* [DATA PROVIDED]:
(* In any execution of $\mathtt{search}(\mathcal{G},T)$ (defined in the context), let $t$ be a tangle returned by extract-tangles$(Z,\sigma)$ in an iteration whose region has priority $p$, $\alpha\equiv p\pmod 2$. Then, at that moment, every vertex $v\in E_T(t)$ (computed in the full game $\mathcal{G}$) lies in $\mathrm{dom}(r)$ and satisfies $r(v)\equiv\alpha\pmod 2$; that is, all successors of $t$ lie in higher $\alpha$-regions.
   Context: Parity games: $\mathcal{G}=(V_0,V_1,E,\mathrm{pr})$, $V=V_0\cup V_1$ finite, partitioned into vertices of Even ($0$) and Odd ($1$); $E\subseteq V\times V$ with every vertex having a successor; $\mathrm{pr}:V\to\{0,\dots,d\}$. $E(u)=\{v:(u,v)\in E\}$, $\mathrm{pr}(U)=\max_{u\in U}\mathrm{pr}(u)$, $\mathrm{pr}^{-1}(p)$ the set of vertices of priority $p$, $\overline{\alpha}=1-\alpha$. A cycle is won by $\alpha$ if its highest priority has parity $\alpha$. A strategy of $\alpha$ is a partial function $\sigma$ on $V_\alpha$ with $\sigma(v)\in E(v)$. For $U\subseteq V$, $\mathcal{G}\cap U$ is the subgame with vertices $V\cap U$ and edges $E\cap(U\times U)$, and $\mathcal{G}\setminus U=\mathcal{G}\cap(V\setminus U)$. A $p$-tangle is a nonempty $U\subseteq V$ with $p=\mathrm{pr}(U)$ such that for $\alpha\equiv p\pmod 2$ there is a strategy $\sigma:U\cap V_\alpha\to U$ (witness strategy $\sigma_T(U)$) with $(U,E\cap(\sigma\cup((U\cap V_{\overline{\alpha}})\times U)))$ strongly connected and all its cycles won by $\alpha$ (''won by $\alpha$''). For a tangle $t$ won by $\alpha$ in a game with edge set $E$, $E_T(t)=\{v\notin t:\exists u\in t\cap V_{\overline{\alpha}},(u,v)\in E\}$. $T_\alpha$ denotes the tangles of $T$ won by $\alpha$; for a subgame $\mathcal{G}'$, $T\cap\mathcal{G}'$ denotes the tangles of $T$ contained in its vertex set. Tangle attractor: for a game $\mathcal{G}$ with vertices $V$, tangles $T$, player $\alpha$ and $A\subseteq V$, $\mathit{TAttr}^{\mathcal{G},T}_\alpha(A)$ is the least $Z\supseteq A$ containing every $v\in V_\alpha$ with $E(v)\cap Z\neq\emptyset$, every $v\in V_{\overline{\alpha}}$ with $E(v)\subseteq Z$, and every vertex of every $t\in T_\alpha$ with $\emptyset\neq E_T(t)\subseteq Z$ ($E_T$ computed in $\mathcal{G}$). It is computed iteratively together with a strategy $\sigma$ of $\alpha$ (initially empty): when an $\alpha$-vertex is added individually, $\sigma$ maps it to a successor already in $Z$; each $\alpha$-vertex of $A$ gets as $\sigma$-value a successor in $Z$ once one exists; when the vertices of a tangle $t$ are added, $\sigma(u):=\sigma_T(t)(u)$ for every $\alpha$-vertex $u\in t$ not yet in $\mathrm{dom}(\sigma)$. extract-tangles$(Z,\sigma)$, for a subgame $\mathcal{G}'=(V',E')$ with top priority $p$, $\alpha\equiv p$, region $Z\subseteq V'$ and strategy $\sigma$: let $Y$ be the greatest $X\subseteq Z$ such that every $v\in X\cap V_{\overline{\alpha}}$ has $E'(v)\subseteq X$ and every $v\in X\cap V_\alpha$ has $\sigma(v)\in X$; let $H$ be the graph on $Y$ with edges $(v,\sigma(v))$ for $v\in Y\cap V_\alpha$ and $(v,w)\in E'$ for $v\in Y\cap V_{\overline{\alpha}}$; return all bottom strongly connected components of $H$ that contain at least one edge of $H$, each with witness strategy $\sigma$ restricted to it. $\mathtt{search}(\mathcal{G},T)$ (with $T$ a set of tangles of $\mathcal{G}$): repeat forever: set $r:=\emptyset$ (a partial function $V\to\mathbb{N}$, the region function; a region recorded with priority $q$ is called an $\alpha$-region when $q\equiv\alpha\pmod 2$) and $Y:=\emptyset$; while $V\setminus\mathrm{dom}(r)\neq\emptyset$: let $\mathcal{G}':=\mathcal{G}\setminus\mathrm{dom}(r)$ with vertex set $V'$, $T':=T\cap\mathcal{G}'$, $p:=\mathrm{pr}(\mathcal{G}')$, $\alpha:=p\bmod 2$; compute $(Z,\sigma):=\mathit{TAttr}^{\mathcal{G}',T'}_\alpha(\mathrm{pr}^{-1}(p)\cap V')$ (the region of priority $p$); let $A:=$ extract-tangles$(Z,\sigma)$; if some $t\in A$ has $E_T(t)=\emptyset$ with $E_T$ computed in the full game $\mathcal{G}$, return $(T\cup Y,t)$; otherwise set $r(v):=p$ for all $v\in Z$ and $Y:=Y\cup A$. After the while-loop, set $T:=T\cup Y$. *)

From mathcomp Require Import all_boot.
Set Implicit Arguments. Unset Strict Implicit. Unset Printing Implicit Defensive.

(* Players are booleans: Even = false, Odd = true; a priority q has
   player [odd q].  [owner v] is the player owning v (V_0 / V_1 partition),
   [E] the edge relation and [pr] the priority function.                    *)

Section ParityGames.
Variables (V : finType) (owner : V -> bool) (E : rel V) (pr : V -> nat).

Definition prs (U : {set V}) : nat := \max_(v in U) pr v.

(* A tangle together with its witness strategy (a partial function,
   encoded as an option-valued finite function). *)
Definition tangle_t := ({set V} * {ffun V -> option V})%type.

Definition subE (W : {set V}) : rel V :=
  fun x y => [&& x \in W, y \in W & E x y].

Definition tangle_graph (a : bool) (U : {set V}) (s : {ffun V -> option V}) : rel V :=
  fun x y => [&& x \in U, y \in U &
              if owner x == a then s x == Some y else E x y].

Definition is_tangle (t : tangle_t) : Prop :=
  let U := t.1 in let s := t.2 in let a := odd (prs U) in
  [/\ U != set0,
      (forall u, u \in U -> owner u = a ->
         exists2 w, s u = Some w & (w \in U) && E u w),
      (forall x y, x \in U -> y \in U -> connect (tangle_graph a U s) x y) &
      (* every cycle (closed walk of length >= 1) is won by a *)
      (forall x (c : seq V), c != [::] -> path (tangle_graph a U s) x c ->
         last x c = x -> odd (\max_(v <- c) pr v) = a)].

Definition ET (W : {set V}) (a : bool) (U : {set V}) : {set V} :=
  [set v | (v \notin U) &&
           [exists u in U, (owner u == ~~ a) && subE W u v]].

Definition astate := ({set V} * {ffun V -> option V})%type.

Definition upd (s : {ffun V -> option V}) (x : V) (o : option V) :=
  [ffun y => if y == x then o else s y].

Definition pending (W : {set V}) (a : bool) (A : {set V}) (st : astate) : bool :=
  [exists x in A, [&& owner x == a, st.2 x == None &
                      [exists w in st.1, subE W x w]]].

Inductive attr_step (W : {set V}) (T : {set tangle_t}) (a : bool) (A : {set V})
  : astate -> astate -> Prop :=
| AssignA (Z : {set V}) (s : {ffun V -> option V}) x w :
    x \in A -> owner x = a -> s x = None -> w \in Z -> subE W x w ->
    attr_step W T a A (Z, s) (Z, upd s x (Some w))
| AttrOwn (Z : {set V}) (s : {ffun V -> option V}) v w :
    ~~ pending W a A (Z, s) ->
    v \in W -> v \notin Z -> owner v = a -> w \in Z -> subE W v w ->
    attr_step W T a A (Z, s) (v |: Z, upd s v (Some w))
| AttrOpp (Z : {set V}) (s : {ffun V -> option V}) v :
    ~~ pending W a A (Z, s) ->
    v \in W -> v \notin Z -> owner v = ~~ a ->
    (forall w, subE W v w -> w \in Z) ->
    attr_step W T a A (Z, s) (v |: Z, s)
| AttrTangle (Z : {set V}) (s : {ffun V -> option V}) (t : tangle_t) :
    ~~ pending W a A (Z, s) ->
    t \in T -> t.1 \subset W -> odd (prs t.1) = a ->
    ~~ (t.1 \subset Z) ->
    ET W a t.1 != set0 -> ET W a t.1 \subset Z ->
    attr_step W T a A (Z, s)
      (Z :|: t.1,
       [ffun u => if [&& u \in t.1, owner u == a & s u == None]
                  then t.2 u else s u]).

Inductive star (R : astate -> astate -> Prop) : astate -> astate -> Prop :=
| star_refl x : star R x x
| star_step x y z : R x y -> star R y z -> star R x z.

Definition TAttr_result (W : {set V}) (T : {set tangle_t}) (a : bool)
    (A : {set V}) (res : astate) : Prop :=
  star (attr_step W T a A) (A, [ffun => None]) res /\
  forall st, ~ attr_step W T a A res st.

Definition closedX (W : {set V}) (a : bool) (s : {ffun V -> option V})
    (X : {set V}) : bool :=
  [forall v in X, if owner v == a
                  then [exists w in X, s v == Some w]
                  else [forall w, subE W v w ==> (w \in X)]].

Definition ext_Y (W : {set V}) (a : bool) (Z : {set V}) (s : {ffun V -> option V}) :=
  [set v | [exists X : {set V}, [&& X \subset Z, closedX W a s X & v \in X]]].

Definition ext_H (W : {set V}) (a : bool) (Z : {set V}) (s : {ffun V -> option V}) : rel V :=
  fun x y => let Y := ext_Y W a Z s in
    [&& x \in Y, y \in Y & if owner x == a then s x == Some y else subE W x y].

Definition is_bscc (H : rel V) (Y C : {set V}) : bool :=
  [&& [exists x in Y, C == [set y in Y | connect H x y && connect H y x]],
      [forall x in C, forall y, H x y ==> (y \in C)] &
      [exists x in C, exists y in C, H x y]].

Definition restrict (s : {ffun V -> option V}) (C : {set V}) : {ffun V -> option V} :=
  [ffun v => if v \in C then s v else None].

Definition extract_tangles (W : {set V}) (a : bool) (Z : {set V})
    (s : {ffun V -> option V}) : {set tangle_t} :=
  [set t : tangle_t | is_bscc (ext_H W a Z s) (ext_Y W a Z s) t.1 &&
                      (t.2 == restrict s t.1)].

Definition undom (r : {ffun V -> option nat}) : {set V} := [set v | r v == None].

Definition region_prio (r : {ffun V -> option nat}) : nat := prs (undom r).

Definition region_base (r : {ffun V -> option nat}) : {set V} :=
  [set v in undom r | pr v == region_prio r].

(* search states (T, r, Y) at the head of the inner while-loop,
   reachable in some execution of search(G, T0) *)
Inductive search_reach (T0 : {set tangle_t})
  : {set tangle_t} -> {ffun V -> option nat} -> {set tangle_t} -> Prop :=
| SR_init : search_reach T0 T0 [ffun => None] set0
| SR_inner T r Y (Z : {set V}) (s : {ffun V -> option V}) :
    search_reach T0 T r Y ->
    undom r != set0 ->
    TAttr_result (undom r) [set t in T | t.1 \subset undom r]
      (odd (region_prio r)) (region_base r) (Z, s) ->
    (* no returned tangle escapes in the full game, so search continues *)
    (forall t, t \in extract_tangles (undom r) (odd (region_prio r)) Z s ->
       ET [set: V] (odd (region_prio r)) t.1 != set0) ->
    search_reach T0 T
      [ffun v => if v \in Z then Some (region_prio r) else r v]
      (Y :|: extract_tangles (undom r) (odd (region_prio r)) Z s)
| SR_outer T r Y :
    search_reach T0 T r Y ->
    undom r = set0 ->
    search_reach T0 (T :|: Y) [ffun => None] set0.

End ParityGames.

From mathcomp Require Import all_boot.
Set Implicit Arguments. Unset Strict Implicit.

(* A tangle t extracted from an alpha-region is closed under the moves of the
   opponent inside the current subgame, so an escape u -> v from t leaves the
   subgame: v already lies in a higher region, of priority q say.  When that
   region was attracted, u was still in the subgame but not attracted, so u is
   not owned by the player of q.  As u is owned by the opponent of alpha, the
   region of v is an alpha-region. *)

Section Search.
Variables (V : finType) (owner : V -> bool) (E : rel V) (pr : V -> nat).

Lemma star_attr_step_sub W T a A st st' :
  star (attr_step owner E pr W T a A) st st' -> st.1 \subset W -> st'.1 \subset W.
Proof.
elim=> // x y z step _ IH xW; apply: IH.
case: step xW => //= [Z s v w _ vW _ _ _ _ | Z s v _ vW _ _ _ | Z s t _ _ tW _ _ _ _] ZW;
  by rewrite subUset ?sub1set ?vW ?tW ZW.
Qed.

Lemma TAttr_result_sub W T a A Z s :
  TAttr_result owner E pr W T a A (Z, s) -> A \subset W -> Z \subset W.
Proof. by case=> attrZ _; apply: (star_attr_step_sub attrZ). Qed.

Lemma TAttr_result_not_pending W T a A Z s :
  TAttr_result owner E pr W T a A (Z, s) -> ~~ pending owner E W a A (Z, s).
Proof.
case=> _ final; apply/existsP => -[x /andP[xA /and3P[/eqP ox /eqP sx]]].
by case/existsP=> w /andP[wZ xw]; apply: (final (Z, upd s x (Some w))); apply: AssignA.
Qed.

Lemma TAttr_result_own_closed W T a A Z s x w :
  TAttr_result owner E pr W T a A (Z, s) ->
  x \in W -> owner x = a -> w \in Z -> subE E W x w -> x \in Z.
Proof.
move=> attrZ xW ox wZ xw; apply/negPn/negP => xZ.
have not_pending := TAttr_result_not_pending attrZ.
case: attrZ => _ final; apply: (final (x |: Z, upd s x (Some w))).
exact: AttrOwn.
Qed.

Lemma region_base_sub r : region_base pr r \subset undom r.
Proof. by apply/subsetP => x /setIdP[]. Qed.

Lemma search_reach_edge_into_region T0 T r Y x y q :
  search_reach owner E pr T0 T r Y ->
  r x = None -> r y = Some q -> E x y -> owner x = ~~ odd q.
Proof.
move=> reach; elim: reach x y q => {T r Y} [|T r Y Z s _ IH _ attrZ _|T r Y _ _ _] x y q;
  rewrite ?ffunE //.
case: ifP => // xZ rx; case: ifP => yZ; last exact: IH.
case=> <- xy; suff: owner x != odd (region_prio pr r).
  by case: (owner x) (odd (region_prio pr r)) => [] [].
apply/negP => /eqP ox.
have ZW := TAttr_result_sub attrZ (region_base_sub r).
have xW : x \in undom r by rewrite inE rx.
have xy_sub : subE E (undom r) x y by rewrite /subE xW (subsetP ZW) ?yZ.
by rewrite (TAttr_result_own_closed attrZ xW ox yZ xy_sub) in xZ.
Qed.

Lemma ext_Y_sub W a Z s : ext_Y owner E W a Z s \subset Z.
Proof. by apply/subsetP => v; rewrite inE => /existsP[X /and3P[/subsetP XZ _ /XZ]]. Qed.

Lemma ext_Y_opp_succ W a Z s u v :
  u \in ext_Y owner E W a Z s -> owner u != a -> subE E W u v ->
  v \in ext_Y owner E W a Z s.
Proof.
rewrite !inE => /existsP[X /and3P[XZ closedX uX]] ou uv.
apply/existsP; exists X; rewrite XZ closedX /=.
by move/forallP: closedX => /(_ u); rewrite uX (negbTE ou) => /forallP/(_ v)/implyP; apply.
Qed.

Lemma extract_tangles_sub W a Z s t :
  t \in extract_tangles owner E W a Z s -> t.1 \subset ext_Y owner E W a Z s.
Proof.
by rewrite inE => /andP[/and3P[/existsP[x /andP[_ /eqP ->]] _ _] _]; apply/subsetP => y /setIdP[].
Qed.

Lemma extract_tangles_opp_succ W a Z s t u v :
  t \in extract_tangles owner E W a Z s ->
  u \in t.1 -> owner u != a -> subE E W u v -> v \in t.1.
Proof.
move=> tZ ut ou uv; have /subsetP tY := extract_tangles_sub tZ.
move: tZ; rewrite inE => /andP[/and3P[_ /forallP/(_ u) closed_t _] _].
move: closed_t; rewrite ut => /forallP/(_ v)/implyP; apply.
by rewrite /ext_H tY // (ext_Y_opp_succ (tY _ ut) ou uv) (negbTE ou).
Qed.

End Search.

Theorem lemma4 (V : finType) (owner : V -> bool) (E : rel V) (pr : V -> nat)
  (Htotal : forall v, exists w, E v w)
  (T0 : {set tangle_t V})
  (HT0 : forall t, t \in T0 -> is_tangle owner E pr t)
  (T : {set tangle_t V}) (r : {ffun V -> option nat}) (Y : {set tangle_t V})
  (Hreach : search_reach owner E pr T0 T r Y)
  (Hloop : undom r != set0)
  (Z : {set V}) (s : {ffun V -> option V})
  (Hattr : TAttr_result owner E pr (undom r)
             [set t in T | t.1 \subset undom r]
             (odd (region_prio pr r)) (region_base pr r) (Z, s))
  (t : tangle_t V)
  (Ht : t \in extract_tangles owner E (undom r) (odd (region_prio pr r)) Z s) :
  forall v, v \in ET owner E [set: V] (odd (region_prio pr r)) t.1 ->
    exists2 q, r v = Some q & odd q = odd (region_prio pr r).
Proof.
set a := odd (region_prio pr r) in Hattr Ht *.
move=> v /setIdP[vt /existsP[u /and3P[ut /eqP ou /and3P[_ _ uv]]]].
have opp_u : owner u != a by rewrite ou; case: a {Hattr Ht ou}.
have ZW := TAttr_result_sub Hattr (region_base_sub pr r).
have tW : t.1 \subset undom r.
  exact: subset_trans (extract_tangles_sub Ht) (subset_trans (ext_Y_sub _ _ _ _ _ _) ZW).
have uW := subsetP tW u ut.
case rv: (r v) => [q|]; last first.
  have uv_sub : subE E (undom r) u v by rewrite /subE uW inE rv.
  by rewrite (extract_tangles_opp_succ Ht ut opp_u uv_sub) in vt.
exists q => //; apply: negb_inj; rewrite -ou; apply/esym.
by apply: search_reach_edge_into_region Hreach _ rv uv; move: uW; rewrite inE => /eqP.
Qed.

* [INSTRUCTIONS TO FOLLOW]: What is the number of lines in the records that contain "negbTE"? Give that number only.

* [SOLUTION FOR THIS TASK]: 2